Celestial navigation, automatic tracking of stars to determine position, is an often overlooked technology in the current age of satellite navigation systems. Nevertheless, it is one of the key alternatives immune to the vulnerabilities of GPS. Along with inertial guidance, it is employed widely in missile guidance (US’s Snark, Poseidon, Polaris, Trident, MX; China’s CSS-N-4 Mod 0, CSS-NX-4 Mod I, CSS-NX-4 Mod II), satellite attitude determination (XTE, SWAS, STEX, DS-1, WIRE), aircraft (SR-71, RC-135, B2) and spacecraft (shuttle). Star trackers, such as the Lockheed Martin AST-201 are becoming lighter, cheaper, smaller, and more precise.
China is a leader in this area and its researchers are publishing an increasing number of papers both in international and domestic journals. For example, researchers at Qinghua University’s Department of Precision Instruments and Mechanics have developed an original “4-star matching” identification algorithm for a charge-coupled device (CCD) or complementary metal oxide semiconductor (CMOS). Tests of the algorithm using an on-board database (composed of a brightness independent guide mission catalog and K-vector star pair catalog) with a CMOS active pixel sensor (APS) star tracker resulted in a 99.9% success rate in identification to acquire 3-axis attitude when the angular measurement accuracy of the tracker is at least 0.01 degrees. Researchers in the Chinese Academy of Sciences and Changchun Institute of Optics, Fine Mechanics, and Physics are looking to overcome the impracticality of CCD in small satellites and other craft, and instead are exploring the advantages of CMOS APS (no blooming, single power, low power consumption, small size, little support circuitry, simple system design, direct digital input, radiation-hard). They have developed a prototype ground-based star camera based on a STAR250 CMOS image sensor and a subpixel accuracy centroiding algorithm. The faculty of the Second Artillery Engineering College in Xian have been publishing papers on methods for determining attitude of missiles in free flight and others are examining FPGA-based submarine star tracking systems.

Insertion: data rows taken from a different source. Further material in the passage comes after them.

(* Let $R$ be a power-serieswise Armendariz ring. Then the power series ring $R[[x]]$ is a generalized right Baer ring if and only if $R$ is a generalized right Baer ring.
   Context: All rings are associative with identity. For a nonempty subset $X$ of a ring $R$, $r_R(X)=\{a\in R : xa=0 \text{ for all } x\in X\}$, and for a positive integer $n$, $X^n$ denotes the set of all products $a_1\cdots a_n$ with $a_i\in X$. A ring $R$ is generalized right Baer if for every nonempty subset $X$ of $R$ there exist a positive integer $n$ (depending on $X$) and an idempotent $e\in R$ with $r_R(X^n)=eR$. A ring $R$ is power-serieswise Armendariz if whenever $f(x)=\sum_{i\ge0}a_ix^i$ and $g(x)=\sum_{j\ge0}b_jx^j$ in $R[[x]]$ satisfy $f(x)g(x)=0$, then $a_ib_j=0$ for all $i,j$. *)

From HB Require Import structures.
From mathcomp Require Import all_boot all_order all_algebra.
Set Implicit Arguments. Unset Strict Implicit. Unset Printing Implicit Defensive.
Import GRing.Theory.
Local Open Scope ring_scope.

(* Generic notions for a ring given by its carrier, multiplication and zero.
   (Used both for R and for the power series ring R[[x]].) *)
Section Generic.
Variables (T : Type) (mul : T -> T -> T) (zero : T).

(* X^n for n = k.+1: products a_1 * ... * a_{k+1} with every a_i in X *)
Fixpoint setpow (X : T -> Prop) (k : nat) : T -> Prop :=
  match k with
  | 0 => X
  | k'.+1 => fun a => exists b c, X b /\ setpow X k' c /\ a = mul b c
  end.

Definition r_ann (X : T -> Prop) : T -> Prop :=
  fun a => forall x, X x -> mul x a = zero.

Definition gen_right_Baer : Prop :=
  forall X : T -> Prop, (exists x, X x) ->
    exists (k : nat) (e : T), mul e e = e /\
      (forall a, r_ann (setpow X k) a <-> exists b, a = mul e b).
End Generic.

Definition pseries (R : nzRingType) := nat -> R.

Definition ps_mul (R : nzRingType) (f g : pseries R) : pseries R :=
  fun n => \sum_(i < n.+1) f i * g (n - i)%N.

Definition ps_zero (R : nzRingType) : pseries R := fun _ => 0.

Definition power_serieswise_Armendariz (R : nzRingType) : Prop :=
  forall f g : pseries R, ps_mul f g = ps_zero R ->
    forall i j : nat, f i * g j = 0.

From mathcomp Require Import all_boot all_order all_algebra.
From Stdlib Require Import FunctionalExtensionality Setoid.
Set Implicit Arguments. Unset Strict Implicit.
Import GRing.Theory.
Local Open Scope ring_scope.

(* For a power-serieswise Armendariz ring, a series g right-annihilates X^n
   in R[[x]] exactly when every coefficient of g right-annihilates Y^n in R,
   where Y is the set of coefficients of the members of X.  Hence, if
   r(Y^n) = eR, then r(X^n) = eR[[x]]; conversely, if r(X^n) = E R[[x]]
   for the set X of constant series with coefficients in Y, then
   r(Y^n) = E_0 R. *)

Lemma idempotent_mul_imageP (T : Type) (mul : T -> T -> T) (e : T) :
  associative mul -> mul e e = e ->
  forall a, (exists b, a = mul e b) <-> a = mul e a.
Proof.
move=> mulA ee a; split=> [[b ->]|ha]; last by exists a.
by rewrite mulA ee.
Qed.

Section PowerSeries.
Variable R : nzRingType.
Implicit Types f g h : pseries R.

Definition trunc (n : nat) f : {poly R} := \poly_(i < n.+1) f i.

Lemma coef_ps_mul_trunc n m f g : (m <= n)%N ->
  ps_mul f g m = (trunc n f * trunc n g)`_m.
Proof.
move=> hm; rewrite coefM /ps_mul; apply: eq_bigr => i _.
rewrite !coef_poly; have hi := ltn_ord i.
rewrite ifT; last by apply: leq_ltn_trans (leq_trans _ hm) _; rewrite // -ltnS.
by rewrite ifT // ltnS (leq_trans (leq_subr _ _) hm).
Qed.

(* The n-th coefficient of a product only depends on the truncations at n,
   so associativity is inherited from {poly R}. *)
Lemma ps_mulA : associative (@ps_mul R).
Proof.
move=> f g h; apply: functional_extensionality_dep => n.
have -> : ps_mul f (ps_mul g h) n = (trunc n f * (trunc n g * trunc n h))`_n.
  rewrite coefM /ps_mul; apply: eq_bigr => i _.
  by rewrite coef_poly ifT // -(coef_ps_mul_trunc g h (leq_subr i n)).
have -> : ps_mul (ps_mul f g) h n = ((trunc n f * trunc n g) * trunc n h)`_n.
  rewrite coefM /ps_mul; apply: eq_bigr => i _.
  rewrite [X in _ = _ * X]coef_poly ifT; last by rewrite ltnS leq_subr.
  by rewrite -(coef_ps_mul_trunc f g (ltnSE (ltn_ord i))).
by rewrite mulrA.
Qed.

Lemma coef0_ps_mul f g : ps_mul f g 0%N = f 0%N * g 0%N.
Proof. by rewrite /ps_mul big_ord1. Qed.

Definition scale (c : R) f : pseries R := fun n => c * f n.
Definition cst (a : R) : pseries R := fun n => if n == 0%N then a else 0.

Lemma scale_ps_mul c f g : scale c (ps_mul f g) = ps_mul (scale c f) g.
Proof.
apply: functional_extensionality_dep => n; rewrite /scale /ps_mul mulr_sumr.
by apply: eq_bigr => i _; rewrite mulrA.
Qed.

Lemma scale1 f : scale 1 f = f.
Proof. by apply: functional_extensionality_dep => n; rewrite /scale mul1r. Qed.

Lemma ps_mul_cst a g : ps_mul (cst a) g = scale a g.
Proof.
apply: functional_extensionality_dep => n.
rewrite /ps_mul big_ord_recl /= subn0 big1 ?addr0 // => i _.
by rewrite /cst /= mul0r.
Qed.

Lemma cst_mul a b : ps_mul (cst a) (cst b) = cst (a * b).
Proof.
rewrite ps_mul_cst; apply: functional_extensionality_dep => n.
by rewrite /scale /cst; case: (n == 0%N); rewrite ?mulr0.
Qed.

Hypothesis PSA : power_serieswise_Armendariz R.

Section CoefficientAnnihilators.
Variables (X : pseries R -> Prop) (Y : R -> Prop).
Hypothesis X_coef : forall f, X f -> forall i, Y (f i) \/ f i = 0.
Hypothesis Y_coef : forall y, Y y -> exists f i, X f /\ f i = y.

(* The left factor c is what lets the induction peel off one factor of X^n
   (resp. Y^n) at a time. *)
Lemma ps_ann_setpow_of_coef k c g :
  (forall z, setpow (@GRing.mul R) Y k z -> forall j, c * z * g j = 0) ->
  forall Q, setpow (@ps_mul R) X k Q -> scale c (ps_mul Q g) = ps_zero R.
Proof.
elim: k c => [|k IH] c H Q /=.
  move=> XQ; rewrite scale_ps_mul; apply: functional_extensionality_dep => n.
  rewrite /ps_mul big1 // => i _; rewrite /scale.
  by case: (X_coef XQ i) => [Yq|->]; [apply: H|rewrite mulr0 mul0r].
move=> [f [Q' [Xf [XQ' ->]]]].
rewrite -ps_mulA scale_ps_mul; apply: functional_extensionality_dep => n.
rewrite /ps_mul big1 // => i _.
suff /(congr1 (fun s => s (n - i)%N)) : scale (c * f i) (ps_mul Q' g) = ps_zero R.
  by rewrite /scale.
apply: IH XQ' => z Yz j; case: (X_coef Xf i) => [Yf|->]; last first.
  by rewrite mulr0 !mul0r.
by rewrite -[c * f i * z]mulrA; apply: H; exists (f i), z.
Qed.

Lemma coef_ann_setpow_of_ps k c g :
  (forall Q, setpow (@ps_mul R) X k Q -> scale c (ps_mul Q g) = ps_zero R) ->
  forall z, setpow (@GRing.mul R) Y k z -> forall j, c * z * g j = 0.
Proof.
elim: k c => [|k IH] c H z /=.
  move=> /Y_coef [f [i [Xf <-]]] j.
  by have := H f Xf; rewrite scale_ps_mul => /PSA /(_ i j).
move=> [y [z' [/Y_coef [f [i [Xf <-]]] [Yz' ->]]]] j; rewrite mulrA.
apply: IH Yz' j => Q' XQ'.
have /PSA Hfi : ps_mul (scale c f) (ps_mul Q' g) = ps_zero R.
  by rewrite -scale_ps_mul ps_mulA; apply: H; exists f, Q'.
by apply: functional_extensionality_dep => m; exact: Hfi.
Qed.

Lemma ps_r_ann_setpowP k g :
  r_ann (@ps_mul R) (ps_zero R) (setpow (@ps_mul R) X k) g <->
  forall j, r_ann (@GRing.mul R) 0 (setpow (@GRing.mul R) Y k) (g j).
Proof.
split=> [hg j z Yz | hg Q XQ].
  rewrite -[z]mul1r; apply: coef_ann_setpow_of_ps Yz j => Q XQ.
  by rewrite scale1 hg.
rewrite -[ps_mul Q g]scale1; apply: ps_ann_setpow_of_coef XQ => z Yz j.
by rewrite mul1r hg.
Qed.

End CoefficientAnnihilators.

Definition coefs (X : pseries R -> Prop) : R -> Prop :=
  fun y => exists f i, X f /\ f i = y.

Definition csts (Y : R -> Prop) : pseries R -> Prop :=
  fun f => exists y, Y y /\ f = cst y.

Lemma gen_right_Baer_ps :
  gen_right_Baer (@GRing.mul R) 0 -> gen_right_Baer (@ps_mul R) (ps_zero R).
Proof.
move=> HB X [f0 Xf0].
have X_coef f : X f -> forall i, coefs X (f i) \/ f i = 0.
  by move=> Xf i; left; exists f, i.
have [|k [e [ee he]]] := HB (coefs X); first by exists (f0 0%N), f0, 0%N.
have cst_ee : ps_mul (cst e) (cst e) = cst e by rewrite cst_mul ee.
exists k, (cst e); split=> // g.
rewrite (idempotent_mul_imageP ps_mulA cst_ee g).
rewrite (ps_r_ann_setpowP X_coef (fun y Yy => Yy)) ps_mul_cst.
split=> [hg | -> j]; last by apply/he; exists (g j).
apply: functional_extensionality_dep => j.
exact/(idempotent_mul_imageP (@mulrA R) ee)/he.
Qed.

Lemma gen_right_Baer_of_ps :
  gen_right_Baer (@ps_mul R) (ps_zero R) -> gen_right_Baer (@GRing.mul R) 0.
Proof.
move=> HB Y [y0 Yy0].
have X_coef f : csts Y f -> forall i, Y (f i) \/ f i = 0.
  by move=> [y [Yy ->]] i; rewrite /cst; case: (i == 0%N); [left|right].
have Y_coef y : Y y -> exists f i, csts Y f /\ f i = y.
  by move=> Yy; exists (cst y), 0%N; split => //; exists y.
have [|k [E [EE hE]]] := HB (csts Y); first by exists (cst y0), y0.
have annE j : r_ann (@GRing.mul R) 0 (setpow (@GRing.mul R) Y k) (E j).
  by move: j; apply/(ps_r_ann_setpowP X_coef Y_coef); apply/hE; exists E.
have E0E0 : E 0%N * E 0%N = E 0%N by rewrite -[in RHS]EE coef0_ps_mul.
exists k, (E 0%N); split=> // a.
rewrite (idempotent_mul_imageP (@mulrA R) E0E0 a).
split=> [ha | ha z Yz]; last by rewrite ha mulrA annE ?mul0r.
have /hE /(idempotent_mul_imageP ps_mulA EE) :
    r_ann (@ps_mul R) (ps_zero R) (setpow (@ps_mul R) (csts Y) k) (cst a).
  apply/(ps_r_ann_setpowP X_coef Y_coef) => j z Yz.
  by rewrite /cst; case: (j == 0%N); rewrite ?ha ?mulr0.
by move/(congr1 (fun s => s 0%N)); rewrite coef0_ps_mul.
Qed.

End PowerSeries.

Theorem corollary3p10 (R : nzRingType) :
  power_serieswise_Armendariz R ->
  (gen_right_Baer (@ps_mul R) (ps_zero R) <-> gen_right_Baer (@GRing.mul R) 0%R).
Proof.
move=> PSA; split; [exact: gen_right_Baer_of_ps | exact: gen_right_Baer_ps].
Qed.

US GPS will continue to dominant navigation systems. However, like the personal computer’s challenge to the mainframe, ever smaller, cheaper, robust, and precise star trackers will weaken this advantage. As celestial navigation technology becomes more widely available and creatively applied in more platforms, it has the potential to become a cheap and reliable means of determining position, especially on ground systems, as the “poor man’s GPS.” This will weaken the US’s tactical advantage in both the battlefield and the marketplace. China, as a developer and manufacturer of such systems, stands to benefit greatly especially in sales to third world countries.